Insurance Claims Practices. Civil Remedies.
Under current law, an insurance company must handle claims from a policyholder in a fair manner. It is illegal for an insurance company to engage in "unfair" claims practices, such as:
If an insurance company unfairly handles a claim (typically referred to as the "underlying claim"), the policyholder has two ways to respond: (1) file a complaint with the Department of Insurance (DOI), which is responsible for enforcing state law regarding unfair claims practices; and/or (2) sue his or her insurance company in civil court. These lawsuits by individuals against their own insurance companies are referred to as "first-party" actions.
There are many insurance claims--especially those involving auto accidents--that involve two individuals. For instance:
Driver X runs a red light and hits Driver Y, causing both bodily injury to Driver Y and damage to her car. Driver X's insurance company is willing to pay Driver Y $20,000 for her injury and damages, but not the $30,000 Driver Y feels is reasonable. Driver Y can either accept the $20,000 or reject it and sue Driver X in court.
If Driver Y feels that Driver X's insurance company did not deal with her fairly throughout the process, Driver Y--as a "third-party" claimant--has only one way to respond. She can file a complaint with DOI for an investigation. She cannot sue Driver X's insurance company for unfairly handling the claim (a so-called third-party lawsuit). These third-party lawsuits were possible in California during the 1980s but are not now. See nearby box for a brief legal history.
|Legal History on Third-Party Lawsuits in California|
|Prior to 1979||Third-party lawsuits were not allowed.|
|March 1979||The California Supreme Court ruled in Royal Globe Ins. Co. v. Superior Court that a third party could sue an insurance company for unfair claims practices.|
|August 1988||In Moradi-Shalal v. Fireman's Fund Ins. Co., the California Supreme Court overturned its Royal Globe decision. The court held that state law did not include a right for a third-party claimant to sue an insurance company for unfair claims practices.|
|October 1999||The Governor signed two laws specifically allowing third-party lawsuits in certain situations. These measures were to have gone into effect January 1, 2000. In December 1999, however, referenda on the two laws qualified for the March 2000 ballot (Propositions 30 and 31). Thus, the provisions of the two laws are "on hold" until after the vote on the propositions.|
In the fall of 1999, the Legislature approved and the Governor signed SB 1237 (Chapter 720) and AB 1309 (Chapter 721). These laws allow third-party claimants to sue insurance companies under certain conditions. The two laws would have gone into effect January 1, 2000. In December 1999, however, referenda on the two laws qualified for the March 2000 ballot (Propositions 30 and 31). Once these propositions qualified, SB 1237 and AB 1309 were put "on hold" until the vote at the March 2000 election.

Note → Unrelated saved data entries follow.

(* Let $\mathcal{R}$ be a TRS, $s$ a total term, and $S$ a reduction strongly $p$-converging from $s$ to $t$. Then $S$ is total (all its terms and $t$ are total) iff no prefix of $S$ has a volatile position.
   Context: Total terms contain no $\bot$; partial terms are terms over $\Sigma_\bot=\Sigma\uplus\{\bot\}$ ordered by $\le_\bot$ (replacing subterms by $\bot$), a complete semilattice; $\liminf_{\iota\to\alpha}a_\iota=\bigvee_{\beta<\alpha}\bigwedge_{\beta\le\iota<\alpha}a_\iota$. A reduction $S=(t_\iota\to_{\pi_\iota}t_{\iota+1})_{\iota<\alpha}$ with contexts $c_\iota$ ($t_\iota$ with position $\pi_\iota$ replaced by $\bot$) strongly $p$-converges to $t$ if $\liminf_{\iota\to\lambda}c_\iota=t_\lambda$ for every limit $\lambda<\alpha$ and $t$ is the last term (closed) or $t=\liminf_{\iota\to\alpha}c_\iota$ (open). A position $\pi$ is volatile in an open reduction $(t_\iota\to_{\pi_\iota}t_{\iota+1})_{\iota<\lambda}$ if for every $\beta<\lambda$ there is $\beta\le\gamma<\lambda$ with $\pi_\gamma=\pi$; a prefix of $S$ is $S|_\beta=(t_\iota\to_{\pi_\iota}t_{\iota+1})_{\iota<\beta}$, $\beta\le\alpha$. *)

From mathcomp Require Import all_boot.
Set Implicit Arguments. Unset Strict Implicit. Unset Printing Implicit Defensive.

Section Defs.

Variables (F V : Type) (ar : F -> nat).

Inductive symb : Type := Sym of F | Bot.

(* Positions are finite sequences of naturals (head = first step from root). *)
Definition pos := seq nat.

(* A (possibly infinite) partial term over Sigma_bot, given by its labelling *)
(* of positions: None = "not a position", Some (Sym f), Some Bot.            *)
Definition pt := pos -> option symb.

Definition wf (t : pt) : Prop :=
  t [::] <> None /\
  forall p i, t (rcons p i) <> None <-> exists2 f, t p = Some (Sym f) & i < ar f.

Definition total_term (t : pt) : Prop := forall p, t p <> Some Bot.

(* s <=_bot t : s is obtained from t by replacing subterms with bot, i.e.    *)
Definition le_bot (s t : pt) : Prop :=
  forall p, s p <> None -> s p <> Some Bot -> t p = s p.

Definition is_glb (P : pt -> Prop) (g : pt) : Prop :=
  wf g /\ (forall x, P x -> le_bot g x) /\
  (forall h, wf h -> (forall x, P x -> le_bot h x) -> le_bot h g).

Definition is_lub (P : pt -> Prop) (g : pt) : Prop :=
  wf g /\ (forall x, P x -> le_bot x g) /\
  (forall h, wf h -> (forall x, P x -> le_bot x h) -> le_bot g h).

Definition repl (t : pt) (p : pos) (u : pt) : pt :=
  fun q => if prefix p q then u (drop (size p) q) else t q.

Definition botpt : pt := fun q => if q is [::] then Some Bot else None.

Definition ctx (t : pt) (p : pos) : pt := repl t p botpt.

Inductive fterm : Type := FVar of V | FApp of F & seq fterm.

Fixpoint fwf (l : fterm) : Prop :=
  match l with
  | FVar _ => True
  | FApp f ts => size ts = ar f /\
      (fix allwf (us : seq fterm) : Prop :=
         match us with [::] => True | u :: us' => fwf u /\ allwf us' end) ts
  end.

Fixpoint occurs (x : V) (l : fterm) : Prop :=
  match l with
  | FVar y => x = y
  | FApp _ ts =>
      (fix exo (us : seq fterm) : Prop :=
         match us with [::] => False | u :: us' => occurs x u \/ exo us' end) ts
  end.

Fixpoint subst (l : fterm) (sigma : V -> pt) (p : pos) {struct p} : option symb :=
  match l with
  | FVar x => sigma x p
  | FApp f ts =>
      match p with
      | [::] => Some (Sym f)
      | i :: p' => if onth ts i is Some u then subst u sigma p' else None
      end
  end.

Definition rule := (fterm * fterm)%type.

Definition is_TRS (R : rule -> Prop) : Prop :=
  forall l r, R (l, r) ->
    fwf l /\ fwf r /\ (forall x, l <> FVar x) /\ (forall x, occurs x r -> occurs x l).

Definition rstep (R : rule -> Prop) (t : pt) (p : pos) (t' : pt) : Prop :=
  exists l r (sigma : V -> pt),
    R (l, r) /\ (forall x, wf (sigma x)) /\
    (forall q, t (p ++ q) = subst l sigma q) /\
    (forall q, t' q = repl t p (subst r sigma) q).

(* Ordinals: elements of an arbitrary well-ordered type (O, olt).            *)
Variables (O : Type) (olt : O -> O -> Prop).

Definition well_order : Prop :=
  (forall a b c, olt a b -> olt b c -> olt a c) /\
  (forall a, ~ olt a a) /\
  (forall a b, olt a b \/ a = b \/ olt b a) /\
  well_founded olt.

Definition ole (a b : O) : Prop := olt a b \/ a = b.

Definition is_least (z : O) : Prop := forall a, ~ olt a z.

Definition is_succ (a b : O) : Prop := olt a b /\ forall c, olt a c -> ole b c.

Definition is_limit (l : O) : Prop :=
  (exists a, olt a l) /\ forall a, olt a l -> exists2 b, olt a b & olt b l.

Definition is_liminf (a : O -> pt) (lam : O) (g : pt) : Prop :=
  exists b : O -> pt,
    (forall beta, olt beta lam ->
       is_glb (fun x => exists2 i, ole beta i /\ olt i lam & x = a i) (b beta)) /\
    is_lub (fun x => exists2 beta, olt beta lam & x = b beta) g.

Definition reduction (R : rule -> Prop) (z alpha : O) (t : O -> pt) (pi : O -> pos) : Prop :=
  is_least z /\
  (forall i, olt i alpha -> wf (t i)) /\
  (forall i j, olt i alpha -> is_succ i j -> rstep R (t i) (pi i) (t j)).

(* Strong p-convergence of S to u. Closed reductions (length a successor or  *)
(* 0) have last term t_alpha; open ones have limit length.                   *)
Definition strongly_pconverges (alpha : O) (t : O -> pt) (pi : O -> pos) (u : pt) : Prop :=
  wf u /\
  (forall lam, is_limit lam -> olt lam alpha ->
     is_liminf (fun i => ctx (t i) (pi i)) lam (t lam)) /\
  (~ is_limit alpha -> u = t alpha) /\
  (is_limit alpha -> is_liminf (fun i => ctx (t i) (pi i)) alpha u).

Definition volatile (beta : O) (pi : O -> pos) (p : pos) : Prop :=
  is_limit beta /\
  forall b, olt b beta -> exists2 c, ole b c /\ olt c beta & pi c = p.

Definition total_reduction (alpha : O) (t : O -> pt) (u : pt) : Prop :=
  (forall i, olt i alpha -> total_term (t i)) /\ total_term u.

End Defs.

From mathcomp Require Import all_boot.
From Stdlib Require Import Classical.
Set Implicit Arguments. Unset Strict Implicit. Unset Printing Implicit Defensive.

(* Rewrite steps preserve totality, because the right-hand side of a rule only
   uses variables of its left-hand side; so bot can only enter a reduction at a
   limit ordinal lam.  If no position is volatile at lam, then for any position q
   the finitely many prefixes of q are contracted only before some b0 < lam;
   from b0 on all terms, hence all contexts and their liminf, agree with the
   total term t_b0 along q, so the limit has no bot at q.  Conversely, if p is
   volatile at lam, let qs be the longest prefix of p present in the liminf g.
   A lower bound of a tail of contexts cannot carry a symbol at qs: the tail
   contracts at p, so that symbol would have a child towards p, which g lacks.
   Hence g is below g with qs cut to bot, i.e. g has bot at qs. *)

Lemma prefix_rcons_cases (p q : pos) j :
  prefix p (rcons q j) -> p = rcons q j \/ prefix p q.
Proof.
case/prefixP=> s; case/lastP: s => [|s k]; first by rewrite cats0 => ->; left.
by rewrite -rcons_cat => /rcons_inj [-> _]; right; apply: prefix_prefix.
Qed.

Lemma prefix_next (p q : pos) : prefix p q -> p != q ->
  exists j, prefix (rcons p j) q.
Proof.
case/prefixP=> [[|j s] ->]; first by rewrite cats0 eqxx.
by exists j; rewrite -cat_rcons prefix_prefix.
Qed.

Lemma nprefix_prefix (p q r : pos) : ~~ prefix p q -> prefix r q -> ~~ prefix p r.
Proof. by move=> Hpq Hrq; apply: contra Hpq => /prefix_trans; apply. Qed.

Section PartialTerms.
Variables (F : Type) (ar : F -> nat).
Implicit Types (t u g x : pt F) (p q r : pos).

Lemma wf_rcons t q j : wf ar t -> t (rcons q j) <> None ->
  exists2 f, t q = Some (Sym f) & j < ar f.
Proof. by move=> [_ Ht] /Ht. Qed.

Lemma wf_prefix t q r : wf ar t -> prefix q r -> t r <> None -> t q <> None.
Proof.
move=> Ht /prefixP [s ->]; elim/last_ind: s => [|s j IH]; first by rewrite cats0.
by rewrite -rcons_cat => /(wf_rcons Ht) [f Hf _]; apply: IH; rewrite Hf.
Qed.

Lemma wf_Sym_prefix t q r f : wf ar t -> prefix q r -> t r = Some (Sym f) ->
  exists f', t q = Some (Sym f').
Proof.
move=> Ht Hqr Hr; have [/eqP -> | Hne] := boolP (q == r); first by exists f.
have [j Hj] := prefix_next Hqr Hne.
have /(wf_rcons Ht) [f' Hf' _] : t (rcons q j) <> None by apply: wf_prefix Ht Hj _; rewrite Hr.
by exists f'.
Qed.

Lemma wf_child_defined t u q j : wf ar t -> wf ar u -> t q = u q ->
  t (rcons q j) <> None -> u (rcons q j) <> None.
Proof. by move=> [_ Ht] [_ Hu] Etu /Ht [f Hf Hj]; apply/Hu; exists f => //; rewrite -Etu. Qed.

Lemma total_Sym t q : total_term t -> t q <> None -> exists f, t q = Some (Sym f).
Proof. by move/(_ q); case: (t q) => [[f|]|] //; exists f. Qed.

Lemma le_bot_trans t u g : le_bot t u -> le_bot u g -> le_bot t g.
Proof. by move=> Htu Hug q H1 H2; rewrite Hug Htu. Qed.

Lemma repl_off t p u q : ~~ prefix p q -> repl t p u q = t q.
Proof. by rewrite /repl => /negbTE ->. Qed.

Lemma wf_repl t p u : wf ar t -> wf ar u -> t p <> None -> wf ar (repl t p u).
Proof.
move=> [Ht0 Ht] [Hu0 Hu] Hp; split.
  by rewrite /repl; case: ifP => [|_ //]; rewrite prefixs0 => /eqP ->.
move=> q j; rewrite /repl; case: (boolP (prefix p q)) => Hpq.
  by rewrite (prefix_trans Hpq (prefix_rcons q j)) drop_rcons ?size_prefix.
case: ifP => [/prefix_rcons_cases [Ep|] | _]; last exact: Ht; last by rewrite (negbTE Hpq).
rewrite Ep drop_size; split=> // _; by apply/Ht; rewrite -Ep.
Qed.

Lemma wf_botpt : wf ar (botpt F).
Proof. by split=> // q j; split=> [|[f]]; case: q. Qed.

Lemma wf_ctx t p : wf ar t -> t p <> None -> wf ar (ctx t p).
Proof. by move=> Ht Hp; apply: wf_repl Hp; last exact: wf_botpt. Qed.

Lemma ctx_self t p : ctx t p p = Some (Bot F).
Proof. by rewrite /ctx /repl prefix_refl drop_size. Qed.

Lemma ctx_Sym_nprefix t p q f : ctx t p q = Some (Sym f) -> ~~ prefix p q.
Proof. by rewrite /ctx /repl; case: ifP => // _; case: drop. Qed.

Lemma longest_defined_prefix t p : wf ar t -> exists qs,
  [/\ prefix qs p, t qs <> None & forall j, prefix (rcons qs j) p -> t (rcons qs j) = None].
Proof.
move=> Ht; elim/last_ind: p => [|p k [qs [Hqs Hdef Hmax]]].
  by exists [::]; split=> //; case: Ht.
case E: (t (rcons p k)) => [a|].
  exists (rcons p k); rewrite E; split=> // [|j /size_prefix].
    exact: prefix_refl.
  by rewrite !size_rcons ltnn.
exists qs; split=> // [|j /prefix_rcons_cases [->|/Hmax] //].
exact: prefix_trans Hqs (prefix_rcons p k).
Qed.

(* [t] along the path [q]: the prefixes of [q] keep their labels, the other
   children of these prefixes become bot, everything else is cut away. *)
Definition spine t q : pt F := fun r =>
  if prefix r q then t r
  else if (0 < size r) && prefix (take (size r).-1 r) q then
    (if t r is Some _ then Some (Bot F) else None)
  else None.

Lemma wf_spine t q : wf ar t -> wf ar (spine t q).
Proof.
move=> [Ht0 Ht]; split; first by rewrite /spine prefix0s.
move=> p j; rewrite {1}/spine size_rcons /= -cats1 take_size_cat // cats1.
have [Hjq|Hjq] := boolP (prefix (rcons p j) q).
  by rewrite /spine (prefix_trans (prefix_rcons p j) Hjq); exact: Ht.
have [Hpq|Hpq] := boolP (prefix p q).
  rewrite /spine Hpq; case E: (t (rcons p j)) => [a|].
    by split=> // _; apply/Ht; rewrite E.
  by split=> // /Ht; rewrite E.
split=> // [[f]]; rewrite /spine (negbTE Hpq).
by case: ifP => // _; case: (t p).
Qed.

Lemma le_bot_spine t q x : (forall r, prefix r q -> x r = t r) -> le_bot (spine t q) x.
Proof.
move=> Hx r; rewrite /spine; case: ifP => [Hr _ _|_]; first exact: Hx.
by case: ifP => // _; case: (t r).
Qed.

If approved, this proposition would allow the provisions of AB 1309 to go into effect. By itself, however, this proposition does not change existing law. It becomes law only if Proposition 30 on this ballot is also approved by the voters. Proposition 31 would amend parts of Proposition 30, limiting to some extent when a third-party claimant can sue an insurance company for unfair claims practices. Figure 1 shows the major changes that this proposition would make to Proposition 30.
|Major Changes That Proposition 31 Makes to Proposition 30|
|Provision||Proposition 30||Proposition 31|
|Who can sue||Individuals and businesses can sue.||Only individuals can sue.|
|Economic loss claim||No restrictions on claim.||Claim for property damage must result from car accident.|
|Bodily injury claim||No restrictions on claim.||Claim cannot include emotional distress resulting from economic loss (such as lost wages), but can include emotional distress resulting from other causes if there are physical signs of the distress.|
|Binding arbitration system||In specified cases, if an insurance company agrees to arbitration, the third-party claimant cannot sue the company.||In specified cases, if an insurance company requests or agrees to arbitration, the third-party claimant cannot sue the company.|
This proposition would have a fiscal effect only if the voters also approve Proposition 30 on this ballot.
As noted above, this proposition changes portions of Proposition 30. We estimated that Proposition 30 would result in somewhat higher insurance gross premiums tax revenues and an unknown net impact on state court costs. If this proposition also passes, state revenues would be slightly less, and the impact on state court costs is unknown.